Romy, I get your point that it seems like the best and most likely application of your evaluation ideas would be exactly the “high-end” designers and manufacturers we are met to disparage. And this should be particularly true in the case of the Continuum, where, apparently, plenty of time, money and expertise are combined, supposedly just for the purpose of constructing a viable world-beater of a turntable. While I admit that the arm/’table combination is probably the most difficult part of the hi-fi chain to get right, the Continuum endeavor has all the “right stuff”, in rote terms, as near as I can tell. There should be nothing stopping these people from doing exactly as you suggest, trying the “best” of the competition and fining their data through listening trials to arrive at a turntable that does its job as well as can be. It is frustrating indeed that any ostensibly-well-organized endeavor such as this would route itself instead through the constricted anus of “The Marketplace” to deliver yet another genuine gold plated turd.
For all I know this TT is excellent; but there are a number of telltale signs that it is just another “big” TT that in terms of performance lands squarely amongst its overwrought, high-priced brethren. I admit that I am predisposed to suspect the worst since I have never heard especially good sound emanating from one of these behemoths – at least not for long, and so I have never seriously pursued one even though I have thought in terms of solving some of the problems these big TTs purport to address.

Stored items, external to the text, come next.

Lemma is_RInt_gen_p_infty_nonneg (f : R -> R) (a M : R) :
  (forall b, a <= b -> ex_RInt f a b) ->
  (forall t, a <= t -> 0 <= f t) ->
  (forall b, a <= b -> RInt f a b <= M) ->
  exists l, is_RInt_gen f (at_point a) (Rbar_locally p_infty) l /\ l <= M /\
    forall b, a <= b -> RInt f a b <= l.
Proof.
  intros Hex Hpos HM.
  destruct (lub_approx (fun v => exists b, a <= b /\ v = RInt f a b)) as [l [Hl Happ]].
  { exists M. intros v [b [Hb ->]]. auto. }
  { exists (RInt f a a), a. split; [lra | reflexivity]. }
  assert (Hup : forall b, a <= b -> RInt f a b <= l).
  { intros b Hb. apply Hl. now exists b. }
  exists l. split; [| split; [apply Hl; intros v [b [Hb ->]]; auto | exact Hup]].
  intros P [eps HP].
  destruct (Happ eps (cond_pos eps)) as [v [[b0 [Hb0 ->]] Hl0]].
  apply Filter_prod with (Q := fun c => c = a) (R := fun b => b0 < b).
  - reflexivity.
  - now exists b0.
  - intros c b -> Hb. exists (RInt f a b). split; [apply (RInt_correct f a), Hex; lra |].
    apply HP.
    assert (Hsplit : RInt f a b0 + RInt f b0 b = RInt f a b).
    { apply (RInt_Chasles f a b0 b); [apply Hex; lra | apply (ex_RInt_Chasles_2 f a b0 b); [lra | apply Hex; lra]]. }
    assert (0 <= RInt f b0 b).
    { apply RInt_ge_0; [lra | apply (ex_RInt_Chasles_2 f a b0 b); [lra | apply Hex; lra] |].
      intros t Ht. apply Hpos. lra. }
    pose proof (Hup b ltac:(lra)).
    change (Rabs (RInt f a b - l) < eps). apply Rabs_def1; lra.
Qed.

Lemma Rpower_gt_0 p t : 0 < Rpower t p.
Proof. apply exp_pos. Qed.

Lemma Rpower_1_l p : Rpower 1 p = 1.
Proof. unfold Rpower. now rewrite ln_1, Rmult_0_r, exp_0. Qed.

Lemma is_derive_Rpower p t : 0 < t -> is_derive (fun u => Rpower u p) t (p * Rpower t (p - 1)).
Proof. intros Ht. apply is_derive_Reals, derivable_pt_lim_power, Ht. Qed.

Lemma continuous_Rpower p t : 0 < t -> continuous (fun u => Rpower u p) t.
Proof. intros Ht. apply (ex_derive_continuous (fun u => Rpower u p)). eexists. now apply is_derive_Rpower. Qed.

Lemma is_derive_exp_opp t : is_derive (fun u => exp (- u)) t (- exp (- t)).
Proof. auto_derive; [exact I | ring]. Qed.

Lemma exp_opp_le_1 t : 0 < t -> exp (- t) <= 1.
Proof. intros Ht. rewrite <- exp_0. apply Rlt_le, exp_increasing. lra. Qed.

Lemma is_RInt_Rpower s a b : 0 < s -> 0 < a <= b ->
  is_RInt (fun t => Rpower t (s - 1)) a b ((Rpower b s - Rpower a s) / s).
Proof.
  intros Hs Hab.
  replace ((Rpower b s - Rpower a s) / s) with (/ s * Rpower b s - / s * Rpower a s) by (field; lra).
  apply (is_RInt_derive (fun t => / s * Rpower t s)).
  - intros t Ht. rewrite Rmin_left, Rmax_right in Ht by lra.
    pose proof (is_derive_scal _ t (/ s) _ (is_derive_Rpower s t ltac:(lra))) as D.
    now replace (/ s * (s * Rpower t (s - 1))) with (Rpower t (s - 1)) in D by (field; lra).
  - intros t Ht. rewrite Rmin_left, Rmax_right in Ht by lra. apply continuous_Rpower. lra.
Qed.

(* The exponent p ln t - t/2 is maximal at t = 2p. *)
Definition Rpower_exp_half_const (p : R) := exp (Rmax 0 (p * ln (2 * p))).
(* Any amendment strategy is outcome-equivalent to the insertion-sort strategy.
   Context: Let $\mathcal{X}=\{1,\dots,n\}$, labelled so that the chair's preference (a ranking) is $1\succ\cdots\succ n$. A proto-ranking is an irreflexive transitive relation on $\mathcal{X}$; a ranking is a total proto-ranking; a tournament is a total asymmetric relation on $\mathcal{X}$. Interaction: given a tournament $\mathrel{W}$, start from $R_0=\varnothing$; in each period with $R_{t-1}$ not total the chair offers a pair $\{x,y\}$ unranked by $R_{t-1}$, the winner is $x$ if $x\mathrel{W}y$ and $y$ otherwise, and $R_t$ is the transitive closure of $R_{t-1}\cup\{(\text{winner},\text{loser})\}$; stop when $R_t$ is total. A strategy assigns to each non-terminal history (sequence of (winner, loser) pairs) a pair unranked at it; its outcome under $\mathrel{W}$ is the final ranking. Two strategies are outcome-equivalent if they have the same outcome under every tournament. Insertion-sort strategy: at a history with current proto-ranking $R$, let $L(z)=\{w: z\succ w,\ \text{neither } zRw\text{ nor } wRz\}$; let $x$ be the $\succ$-worst alternative with $L(x)\ne\varnothing$ and $y$ the $R$-highest element of $L(x)$; offer $\{x,y\}$. Amendment algorithm on a set $\{a_1\succ\cdots\succ a_m\}$: pit $a_{m-1}$ against $a_m$, then $a_{m-2}$ against the winner, then $a_{m-3}$ against the previous winner, etc.; the winner of the last round is the final winner. Recursive-amendment algorithm: run the amendment algorithm on $\mathcal{X}$ to get final winner $y_1$; run it on $\mathcal{X}\setminus\{y_1\}$ to get $y_2$; on $\mathcal{X}\setminus\{y_1,y_2\}$ to get $y_3$; and so on, where whenever the algorithm demands a vote on a pair already ranked as $xRy$ no vote is held and it is treated as if $x$ had won. An amendment strategy is any strategy whose behaviour along every history generated by it and some tournament coincides with the recursive-amendment algorithm. *)

From mathcomp Require Import all_boot.
Set Implicit Arguments. Unset Strict Implicit. Unset Printing Implicit Defensive.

For one thing, I agree with mass for TTs - to a point - when, according to my observations, it becomes unnecessary or even undesirable, for simple, practical reasons, not least because spinning an 80 lb platter requires less-than-stellar-sounding motive force. And likewise with the air bearings, which so far have done better on paper than in the field. In all cases, apply Ockham’s Razor to any fat in the design.
Also, I have to say I am no less suspicious of that tonearm, which appears poised and ready to strike from its pivot like the serpent from which it derives its name. All that mass rearing up over the stylus looks like trouble to me.
Call it an educated guess at best, but the Continuum *looks* to me like a triumph of industrial design, manufacturing method and marketing over purpose-driven evolution.
A costly product such as this definitely needs a “Launch” to “succeed”, so it is no accident that such products always come in through the Grandiloquent Front Door to fanfare and enshrinement by invested parties posing as critics.
God help me, but with that much riding on the financial success of the venture I might well do the same.